На клавесинах -- лака коричневого, светлого, с золочеными грифами на ножках, -- со звуком, нежно звенящим, как легкая арфа, -- Ланской игрывал по утрам государыне новые опусы кавалера Моцарта, серебряные песенки почтенного кавалера Глюка. Государыня посмеивалась:
-- Есть три скучнейших вещь на свете: гистория Тредиаковского, симфония Плейля и квинтет Вонгали... Но Глюк твой -- прелесть, не в пример им хорош.
А чуткие пальцы Ланского едва касались клавиш, вспыхивающих солнцем.
Во дворце такого робкого фаворита не опасались даже придворные конюхи: он редко выходил на собрания, ни во что не мешался. В своих светлых покоях звенел молодой генерал на клавесинах, любовался эстампами, читал с императрицей вслух Вольтера, "Les amours pastorales", "Oevres spirituelles par Fenelon" ["Любовные пасторали", "Духовные сочинения Фенелона" (фр.)] и за полночь разбирал с нею резные камеи, в которых оба были тонкими знатоками.

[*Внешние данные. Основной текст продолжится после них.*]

(* Seen from any camera, g and the point b below g lie within an angle 2 alpha of each other,
   so the cone around the bisector of the two directions contains both. *)
Lemma bisector_axis_cones h alpha g s : 0 < h -> 0 <= alpha < PI / 4 -> ground g -> view_plane h s ->
  let b := h * (4 * tan alpha / (1 - tan alpha)^2) in
  let y := vadd g (mkV 0 0 (- b)) in
  let u := normalize (vadd (normalize (vsub g s)) (normalize (vsub y s))) in
  vnorm u = 1 /\ cone alpha s u g /\ cone alpha s u y.
Proof.
  intros hh ha hg hs' b y u. unfold view_plane, ground in *.
  destruct (cos_sin_quarter alpha ha) as [hc [[hs hsc] hcs]].
  set (ca := cos alpha) in *. set (sa := sin alpha) in *.
  set (S := 2 * sa * ca).
  assert (hS : 0 <= S < 1) by (unfold S; nra).
  assert (hb : b * (1 - S) = 2 * h * S).
  { unfold b, tan. fold ca sa. replace (1 - S) with ((ca - sa)^2) by (unfold S; nra).
    unfold S. field. lra. }
  assert (hb0 : 0 <= b) by nra.
  set (P := (vx g - vx s)^2 + (vy g - vy s)^2).
  assert (hP : 0 <= P).
  { pose proof (pow2_ge_0 (vx g - vx s)). pose proof (pow2_ge_0 (vy g - vy s)). unfold P; lra. }
  assert (Ng : vnorm (vsub g s) = sqrt (P + h^2))
    by (unfold vnorm, P; f_equal; vec_expand; rewrite hs', hg; ring).
  assert (Ny : vnorm (vsub y s) = sqrt (P + (h + b)^2))
    by (unfold vnorm, P, y; f_equal; vec_expand; rewrite hs', hg; ring).
  assert (Dgy : dot (vsub g s) (vsub y s) = P + h * (h + b))
    by (unfold P, y; vec_expand; rewrite hs', hg; ring).
  assert (Pg : 0 < vnorm (vsub g s)) by (rewrite Ng; apply sqrt_lt_R0; nra).
  assert (Py : 0 < vnorm (vsub y s)) by (rewrite Ny; apply sqrt_lt_R0; nra).
  pose proof (vertical_segment_cos_ge h b S (ca^2 - sa^2) P hh hS ltac:(nra) ltac:(unfold S; nra) hb hP)
    as LB.
  rewrite <- Ng, <- Ny, <- Dgy in LB.
  assert (Dn : 2 * ca^2 - 1 <= dot (normalize (vsub g s)) (normalize (vsub y s))).
  { rewrite dot_normalize by auto. replace (2 * ca^2 - 1) with (ca^2 - sa^2) by lra.
    apply (Rmult_le_reg_r (vnorm (vsub g s) * vnorm (vsub y s))); [nra|].
    unfold Rdiv. rewrite Rmult_assoc, Rinv_l, Rmult_1_r by nra. lra. }
  destruct (bisector_dot_ge _ _ ca (vnorm_normalize _ Pg) (vnorm_normalize _ Py) hc Dn)
    as [U [B1 B2]].
  fold u in U, B1, B2. rewrite dot_normalize_l in B1, B2.
  assert (hA : 0 <= alpha <= PI) by (pose proof PI_RGT_0; lra).
  repeat split; auto; apply cone_of_dot_ge; auto; fold ca.
  - apply (Rmult_le_reg_r (/ vnorm (vsub g s))); [apply Rinv_0_lt_compat; auto|].
    field_simplify; lra.
  - apply (Rmult_le_reg_r (/ vnorm (vsub y s))); [apply Rinv_0_lt_compat; auto|].
    field_simplify; lra.
Qed.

Караульные гвардейцы, -- им часто перепадали от Ланского серебряные рублевики, -- прозвали его между собою "Генерал Красная Девица". А старые придворные дамы времен императрицы Анны, сухопарые, жилистые, в фишбейнах на китовом усу, обмахиваясь пышными веерами, шептали одна другой из-под тощей руки на дворцовых куртагах:
-- Сама-то, гляньте, сударыньки, -- расцвела, весела, в экосезах прыгает, в гавотах гуляет... А ей уже полвека минуло. Вторую молодость обрела: бабье лето -- со своим "Не Тронь Меня Генералом".

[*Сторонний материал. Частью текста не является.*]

(* In the setting described in the context, assume $\sum_{j\in J}a_{ij}\hat{x}_j\ge b_i$ for all $i\in I$. For each $i\in I$ let $t_i$ be the optimal value and $(\Gamma^{(i)},\varphi^{(i)})$ an optimal solution of \[ \min_{\Gamma,\varphi}\ \sum_{j\in J}a_{ij}\hat{x}_j-\sum_{j\in J_i}\alpha_{ij}|\hat{x}_j|\varphi_{ij}-b_i \] subject to $\sum_{j\in J_i}\varphi_{ij}\le\Gamma_i$; $0\le\varphi_{ij}\le1$ for all $j\in J_i$; $\Gamma\in\Theta\cap\Omega$. Let $i^*\in\arg\min_{i\in I}t_i$ and $\Gamma^*=\Gamma^{(i^* )}$. Then the optimal value of RLO-CCU-DG is $t_{i^*}$, and an optimal solution has $\Gamma=\Gamma^*$, $c=\bar{a}_{i^*}(\Gamma^*_{i^*},\hat{x})$, $\pi=e_{i^*}$. Moreover, if for every $i\in I$ either $|a_{ij}|>\alpha_{ij}$ for some $j\in J_i$ or $a_{ij}\neq0$ for some $j\in J\setminus J_i$, then $c\neq0$ and $\bar{a}_i(\Gamma_i,x)\neq0$ for all $i\in I$ and all $x\in\mathbb{R}^n$.
   Context: Let $I=\{1,\dots,m\}$, $J=\{1,\dots,n\}$. Given are $a_{ij}\in\mathbb{R}$, $b\in\mathbb{R}^m$, index sets $J_i\subseteq J$, nonnegative numbers $\alpha_{ij}$ ($j\in J_i,i\in I$), an observed point $\hat{x}\in\mathbb{R}^n$, and a convex set $\Omega\subseteq\mathbb{R}^m$. Let $\mathrm{sgn}(t)=1$ if $t\ge0$ and $-1$ otherwise; $e_i$ is the $i$-th unit vector of $\mathbb{R}^m$. For $i\in I$ and $x\in\mathbb{R}^n$ let $j^i_1(x),\dots,j^i_{|J_i|}(x)$ order $J_i$ so that $\alpha_{ij^i_k(x)}|x_{j^i_k(x)}|$ is the $k$-th largest element of $\{\alpha_{ij}|x_j|\}_{j\in J_i}$. For $\Gamma_i\in[0,|J_i|]$ let $P_i(\Gamma_i,x)=\sum_{k=1}^{\lfloor\Gamma_i\rfloor}\alpha_{ij^i_k(x)}|x_{j^i_k(x)}|+(\Gamma_i-\lfloor\Gamma_i\rfloor)\alpha_{ij^i_{\lceil\Gamma_i\rceil}(x)}|x_{j^i_{\lceil\Gamma_i\rceil}(x)}|$ (last term $0$ for integer $\Gamma_i$), and define $\bar{a}_i(\Gamma_i,x)\in\mathbb{R}^n$ by $\bar{a}_{ij}(\Gamma_i,x)=a_{ij}-\mathrm{sgn}(x_j)\alpha_{ij}$ if $j=j^i_k(x)$ for some $k\in\{1,\dots,\lfloor\Gamma_i\rfloor\}$; $\bar{a}_{ij}(\Gamma_i,x)=a_{ij}-\mathrm{sgn}(x_j)\alpha_{ij}(\Gamma_i-\lfloor\Gamma_i\rfloor)$ if $j=j^i_{\lfloor\Gamma_i\rfloor+1}(x)$; and $\bar{a}_{ij}(\Gamma_i,x)=a_{ij}$ otherwise. Let $s_i=\sum_{j\in J}a_{ij}\hat{x}_j-b_i$, $\hat{I}=\{i\in I:0\le s_i\le\sum_{j\in J_i}\alpha_{ij}|\hat{x}_j|\}$, and for $i\in\hat{I}$ let $\underline{\Gamma}_i=\min\{\sum_{j\in J_i}w_j:\sum_{j\in J_i}\alpha_{ij}|\hat{x}_j|w_j=s_i,\ 0\le w_j\le1\}$, so $s_i=P_i(\underline{\Gamma}_i,\hat{x})$. Standing assumption: for each $i\in\hat{I}$, $\underline{\Gamma}_i$ is the unique $\Gamma_i\in[0,|J_i|]$ with $s_i=P_i(\Gamma_i,\hat{x})$. Let $\Theta=\{\Gamma\in\mathbb{R}^m:\Gamma_i\in[0,\underline{\Gamma}_i]\ \forall i\in\hat{I};\ \Gamma_i\in[0,|J_i|]\ \forall i\in I\setminus\hat{I}\}$. The problem RLO-CCU-DG is \[ \min_{\Gamma,c,u,y,z,\pi,\varphi,\lambda,\mu}\ \sum_{j\in J}c_j\hat{x}_j-\sum_{i\in I}b_i\pi_i \] subject to: $\Gamma\in\Omega$; $\alpha_{ij}\hat{x}_j+u_{ij}\ge0$ and $-\alpha_{ij}\hat{x}_j+u_{ij}\ge0$ ($j\in J_i,i\in I$); $y_{ij}+z_i\ge u_{ij}$ ($j\in J_i,i\in I$); $\sum_{j\in J}a_{ij}\hat{x}_j-\sum_{j\in J_i}y_{ij}-\Gamma_iz_i\ge b_i$ ($i\in I$); $y_{ij},z_i\ge0$; $0\le\Gamma_i\le|J_i|$ ($i\in I$); $\sum_{i\in I}\pi_i=1$; $\sum_{i\in I}a_{ij}\pi_i+\sum_{i\in I:j\in J_i}\alpha_{ij}(\lambda_{ij}-\mu_{ij})=c_j$ ($j\in J$); $\varphi_{ij}\le\pi_i$ and $\varphi_{ij}=\lambda_{ij}+\mu_{ij}$ ($j\in J_i,i\in I$); $\sum_{j\in J_i}\varphi_{ij}\le\Gamma_i\pi_i$ ($i\in I$); $\pi_i,\varphi_{ij},\lambda_{ij},\mu_{ij}\ge0$ ($j\in J_i,i\in I$). *)

From mathcomp Require Import all_boot all_order all_algebra.
Set Implicit Arguments. Unset Strict Implicit. Unset Printing Implicit Defensive.
Import Order.TTheory GRing.Theory Num.Theory.
Local Open Scope ring_scope.

Section RLO.
Variables (R : archiRealFieldType) (m n : nat).
Variables (a : 'I_m -> 'I_n -> R) (b : 'I_m -> R) (J : 'I_m -> {set 'I_n})
          (alpha : 'I_m -> 'I_n -> R) (xhat : 'I_n -> R).

Definition sgn (t : R) : R := if 0 <= t then 1 else -1.

Definition cardJ (i : 'I_m) : R := (#|J i|)%:R.

(* the ordering j^i_1(x), ..., j^i_{|J_i|}(x) of J_i by decreasing
   alpha_ij |x_j|; ties broken by increasing index (stable sort of enum J_i).
   j^i_k(x) = nth _ (ordJ i x) k.-1 *)
Definition ordJ (i : 'I_m) (x : 'I_n -> R) : seq 'I_n :=
  sort (fun j k => alpha i k * `|x k| <= alpha i j * `|x j|) (enum (J i)).

Definition ordvals (i : 'I_m) (x : 'I_n -> R) : seq R :=
  [seq alpha i j * `|x j| | j <- ordJ i x].

Definition flo (G : R) : nat := Num.truncn G.
Definition cei (G : R) : nat := if (flo G)%:R == G then flo G else (flo G).+1.

Definition P (i : 'I_m) (G : R) (x : 'I_n -> R) : R :=
  \sum_(0 <= k < flo G) nth 0 (ordvals i x) k
  + (if cei G == flo G then 0
     else (G - (flo G)%:R) * nth 0 (ordvals i x) (cei G).-1).

(* abar_i(Gamma_i, x) : position of j in the ordering is index j (ordJ i x)
   (0-based), so j = j^i_k(x) with k = index + 1 *)
Definition abar (i : 'I_m) (G : R) (x : 'I_n -> R) (j : 'I_n) : R :=
  if (j \in J i) && (index j (ordJ i x) < flo G)%N then
    a i j - sgn (x j) * alpha i j
  else if (j \in J i) && (index j (ordJ i x) == flo G) then
    a i j - sgn (x j) * alpha i j * (G - (flo G)%:R)
  else a i j.

Definition s (i : 'I_m) : R := \sum_j a i j * xhat j - b i.

Definition Ihat (i : 'I_m) : Prop :=
  0 <= s i /\ s i <= \sum_(j in J i) alpha i j * `|xhat j|.

(* feasible set of the LP defining underline Gamma_i *)
Definition lowLP_feas (i : 'I_m) (w : 'I_n -> R) : Prop :=
  \sum_(j in J i) alpha i j * `|xhat j| * w j = s i /\
  (forall j, j \in J i -> 0 <= w j <= 1).

Definition is_Glow (i : 'I_m) (g : R) : Prop :=
  (exists w, lowLP_feas i w /\ \sum_(j in J i) w j = g) /\
  (forall w, lowLP_feas i w -> g <= \sum_(j in J i) w j).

Так прозвали Ланского при дворе после спуска в Неву в день Архистратига Михаила восьмидесятипушечного фрегата, которому сама государыня дала такое чудное прозвище. А командиром "Не Тронь Меня" назначен был шотландец Крюйз, долговязый пьяница и добряк с выцвелыми голубыми глазами.
-- Царей и царств земных отрада,
Возлюбленная тишина, --
посмеиваясь, декламировала императрица по утрам в павильоне фаворита. Флеровый чепец влево сбит, сама жмурится от солнца, весело хлопает продолговатою ладошкой по перламутровым черешкам стола:
-- Еще год подобной тишины, милий друг, и я обнародую мой указ, давно вчерне писанный. Маркиз Пугачев указ сей вспугнул. Обнародую я, подобно вольности дворянства, и вольность крестьянству, гражданству моему брадоносному.

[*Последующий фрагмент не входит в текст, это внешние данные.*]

Definition has_edge (s : seq point) (p q : point) : Prop :=
  exists i, i.+1 < size s /\
    ((nth (0,0) s i = p /\ nth (0,0) s i.+1 = q) \/
     (nth (0,0) s i = q /\ nth (0,0) s i.+1 = p)).

Definition share_point (s t : seq point) : Prop := exists p, p \in s /\ p \in t.

Definition share_edge (s t : seq point) : Prop :=
  exists p q, grid_adj p q /\ has_edge s p q /\ has_edge t p q.

(* x-monotone: every vertical line meets the path in a single interval, i.e.
   the indices of points with a given x-coordinate are contiguous. *)
Definition x_monotone (s : seq point) : Prop :=
  forall i j k, i <= j -> j <= k -> k < size s ->
    (nth (0,0) s i).1 = (nth (0,0) s k).1 ->
    (nth (0,0) s j).1 = (nth (0,0) s i).1.

Definition y_monotone (s : seq point) : Prop :=
  forall i j k, i <= j -> j <= k -> k < size s ->
    (nth (0,0) s i).2 = (nth (0,0) s k).2 ->
    (nth (0,0) s j).2 = (nth (0,0) s i).2.

Definition xy_monotone (s : seq point) : Prop := x_monotone s /\ y_monotone s.

Definition xyplus_monotone (s : seq point) : Prop :=
  xy_monotone s /\
  let a := head (0,0) s in let b := last (0,0) s in
  (a.1 < b.1 -> a.2 <= b.2) /\ (b.1 < a.1 -> b.2 <= a.2).

Definition right_of (p : point) : point := (p.1.+1, p.2).
Definition up_of (p : point) : point := (p.1, p.2.+1).

Definition proper_VPG_rep (V : finType) (e : rel V) (w h : nat)
    (path : V -> seq point) : Prop :=
  [/\ forall v, grid_path w h (path v),
      forall u v, u != v -> (e u v <-> share_point (path u) (path v)),
      forall u v p q, u != v -> grid_adj p q ->
        has_edge (path u) p q -> has_edge (path v) p q -> False &
      forall u v p, u != v -> p \in path u -> p \in path v ->
        (has_edge (path u) p (right_of p) /\ has_edge (path v) p (up_of p)) \/
        (has_edge (path u) p (up_of p) /\ has_edge (path v) p (right_of p))].

Definition EPG_rep (V : finType) (S : {set V}) (e' : rel V) (w h : nat)
    (path : V -> seq point) : Prop :=
  (forall v, v \in S -> grid_path w h (path v)) /\
  (forall u v, u \in S -> v \in S -> u != v ->
     (e' u v <-> share_edge (path u) (path v))).

From mathcomp Require Import all_boot zify.
Set Implicit Arguments. Unset Strict Implicit. Unset Printing Implicit Defensive.

(* An xy^+-monotone grid path is, up to reversal, a staircase of right and up
   steps. Send the grid-point (i, j) to (2i + j, 2j): a right step becomes two
   right steps, an up step becomes a three-step detour through the 2x2 block
   above the image, either right-up-up or up-right-up. In a proper
   VPG-representation two paths meet only where one leaves rightwards and the
   other upwards; if the two vertices are adjacent in G', the upward one takes
   the right-up-up detour, so both use the grid-edge from the image point to
   its right neighbour. Every other grid-edge of an image path lies inside a
   block that it would have to share with a second path, which is impossible
   because no grid-edge is shared and no three paths meet in a point. *)

Definition unit_steps (f : nat -> nat) (n : nat) : Prop :=
  forall k, k.+1 < n -> f k.+1 <= (f k).+1 /\ f k <= (f k.+1).+1.

Definition contiguous_levels (f : nat -> nat) (n : nat) : Prop :=
  forall i j k, i <= j -> j <= k -> k < n -> f i = f k -> f j = f i.

Section UnitSteps.
Variables (f : nat -> nat) (n : nat).
Hypothesis f_steps : unit_steps f n.

Lemma unit_steps_ivt a b c : a <= b < n -> minn (f a) (f b) <= c <= maxn (f a) (f b) ->
  exists2 m, a <= m <= b & f m = c.
Proof.
elim: b => [|b IH] /andP[ab bn] hc.
  by move: ab hc; rewrite leqn0 => /eqP -> hc; exists 0 => //; lia.
have [-> | ne] := eqVneq c (f b.+1); first by exists b.+1; rewrite ?ab ?leqnn.
have [s1 s2] := f_steps bn.
have ab' : a <= b.
  by move: ab; rewrite leq_eqVlt => /orP[/eqP E|//]; move: hc ne; rewrite E; lia.
have hc' : minn (f a) (f b) <= c <= maxn (f a) (f b) by lia.
have [|m /andP[am mb] fm] := IH _ hc'; first by rewrite ab' ltnW.
by exists m; rewrite ?am ?(leq_trans mb).
Qed.

Hypothesis f_levels : contiguous_levels f n.

Lemma contiguous_levels_between i j k : i <= j -> j <= k -> k < n ->
  minn (f i) (f k) <= f j <= maxn (f i) (f k).
Proof.
move=> ij jk kn.
case Hi: (minn (f j) (f k) <= f i <= maxn (f j) (f k)).
  have [|m /andP[jm mk] fm] := unit_steps_ivt _ Hi; first by rewrite jk.
  have := f_levels ij jm (leq_ltn_trans mk kn) (esym fm); lia.
case Hk: (minn (f i) (f j) <= f k <= maxn (f i) (f j)).
  have [|m /andP[im mj] fm] := unit_steps_ivt _ Hk; first by rewrite ij (leq_ltn_trans jk).
  have := f_levels mj jk kn fm; lia.
move: Hi Hk; lia.
Qed.

Lemma contiguous_levels_monotone :
  (forall i j, i <= j < n -> f i <= f j) \/ (forall i j, i <= j < n -> f j <= f i).
Proof.
have btw := contiguous_levels_between.
case: (leqP (f 0) (f n.-1)) => h; [left | right] => i j /andP[ij jn];
  have := btw 0 i j (leq0n i) ij jn; have := btw i j n.-1 ij (_ : j <= n.-1) (_ : n.-1 < n);
  lia.
Qed.

End UnitSteps.

Definition stair_step (p q : point) : bool := (q == right_of p) || (q == up_of p).

Definition le_pt (p q : point) : bool := (p.1 <= q.1) && (p.2 <= q.2).

Lemma stair_stepE p q :
  stair_step p q = ((q.1 == p.1.+1) && (q.2 == p.2)) || ((q.1 == p.1) && (q.2 == p.2.+1)).
Proof. by case: p q => [p1 p2] [q1 q2]; rewrite /stair_step /right_of /up_of !xpair_eqE. Qed.

Lemma staircase_uniq s : sorted stair_step s -> uniq s.
Proof.
move=> st; apply: (@sorted_uniq _ (fun p q : point => p.1 + p.2 < q.1 + q.2)).
- by move=> ? ? ?; lia.
- by move=> ?; lia.
- by apply: sub_sorted st => p q; rewrite stair_stepE; lia.
Qed.

Lemma staircase_le_nth s i j : sorted stair_step s -> i <= j -> j < size s ->
  le_pt (nth (0,0) s i) (nth (0,0) s j).
Proof.
move=> st ij js; have le_st : sorted le_pt s.
  by apply: sub_sorted st => p q; rewrite stair_stepE /le_pt; lia.
apply: (sorted_leq_nth _ _ _ le_st) => //; rewrite ?inE; try lia.
- by move=> ? ? ?; rewrite /le_pt; lia.
- by move=> ?; rewrite /le_pt; lia.
Qed.

Lemma staircase_xyplus s : sorted stair_step s -> xyplus_monotone s.
Proof.
move=> st; split.
  by split=> i j k ij jk ks; have := staircase_le_nth st ij (leq_ltn_trans jk ks);
    have := staircase_le_nth st jk ks; rewrite /le_pt; lia.
case: s st => [//|a t] st /=.
have := staircase_le_nth st (leq0n (size t)) (ltnSn _).
by rewrite nth_last /le_pt /=; lia.
Qed.

Lemma staircase_grid_path w h s : s != [::] -> sorted stair_step s ->
  in_grid w h (head (0,0) s) -> in_grid w h (last (0,0) s) -> grid_path w h s.
Proof.
move=> s0 st hd tl; split => //; first exact: staircase_uniq.
- apply/allP => p ps; have ip : index p s < size s by rewrite index_mem.
  have := staircase_le_nth st (leq0n _) ip.
  have := staircase_le_nth st (_ : index p s <= (size s).-1) (_ : (size s).-1 < size s).
  rewrite nth_index // nth0 nth_last; move: hd tl; rewrite /in_grid /le_pt; lia.
- move=> i /(sortedP (0,0) st); rewrite stair_stepE /grid_adj; lia.
Qed.

Lemma xyplus_staircase s :
  (forall i, i.+1 < size s -> grid_adj (nth (0,0) s i) (nth (0,0) s i.+1)) ->
  xyplus_monotone s -> sorted stair_step s \/ sorted stair_step (rev s).
Proof.
move=> adj [[xm ym] /= [ends1 ends2]].
move: ends1 ends2; rewrite -nth0 -nth_last => ends1 ends2.
pose x k := (nth (0,0) s k).1; pose y k := (nth (0,0) s k).2.
have xs : unit_steps x (size s) by move=> k /adj; rewrite /x /grid_adj; lia.
have ys : unit_steps y (size s) by move=> k /adj; rewrite /y /grid_adj; lia.
pose incr f := forall i j, i <= j < size s -> f i <= f j.
pose decr f := forall i j, i <= j < size s -> f j <= f i.
have [[xi yi]|[xd yd]] : (incr x /\ incr y) \/ (decr x /\ decr y).
  have [xi|xd] := contiguous_levels_monotone xs xm;
  have [yi|yd] := contiguous_levels_monotone ys ym;
  [by left | | | by right].
  (* In the mixed cases the endpoint condition makes one coordinate constant. *)
  + case: (ltnP (x 0) (x (size s).-1)) => h; [left | right]; split=> // i j /andP[ij js];
    have := xi 0 i; have := xi j (size s).-1; have := yd 0 i; have := yd j (size s).-1;
    rewrite /x /y in h *; lia.
  + case: (ltnP (x (size s).-1) (x 0)) => h; [right | left]; split=> // i j /andP[ij js];
    have := xd 0 i; have := xd j (size s).-1; have := yi 0 i; have := yi j (size s).-1;
    rewrite /x /y in h *; lia.
- by left; apply/(sortedP (0,0)) => k kk; have := adj k kk; have := xi k k.+1;
    have := yi k k.+1; rewrite stair_stepE /grid_adj /x /y; lia.
- right; rewrite rev_sorted; apply/(sortedP (0,0)) => k kk; have := adj k kk;
    have := xd k k.+1; have := yd k k.+1; rewrite stair_stepE /grid_adj /x /y; lia.
Qed.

-- Смелая государыня, -- кланялся Ланской. -- Я вижу, вы точно намерились объявить златой век Астрея.
Утренние их беседы были светлыми и веселыми, а пополудни, государыня, опираясь на руку генеральс-адъютанта, гуляла в дворцовом парке...
В конце июня на такой прогулке, когда они миновали садовые шармильи и прошли под сводом темно-красных бегоний на высоких штамбах, Ланской тихо сказал:
-- Пойдем к Лебяжьим прудам.
Открылась ясная даль. На зеленом лугу круглые и квадратные озерца подобны тихим зеркалам. Играют радугой, бьют, вея свежестью, тонкие каскады фонтанов. Лебеди подплыли, выгибая шеи, точно любуясь собою. Их оперение сияет, как белая пена.
-- Нынче с утра неможется мне, -- сказал Ланской, отщипывая лебедям крошки белого хлеба.
Бесшумно, уступая друг другу, лебеди закружили у гранитного парапета. В голубоватой воде витыми белыми тропами бегут их отраженья. Отдувает на серый гранит лебяжий пух, сквозящий солнцем.
-- Друг мой, и я приметил, что вы не в себе.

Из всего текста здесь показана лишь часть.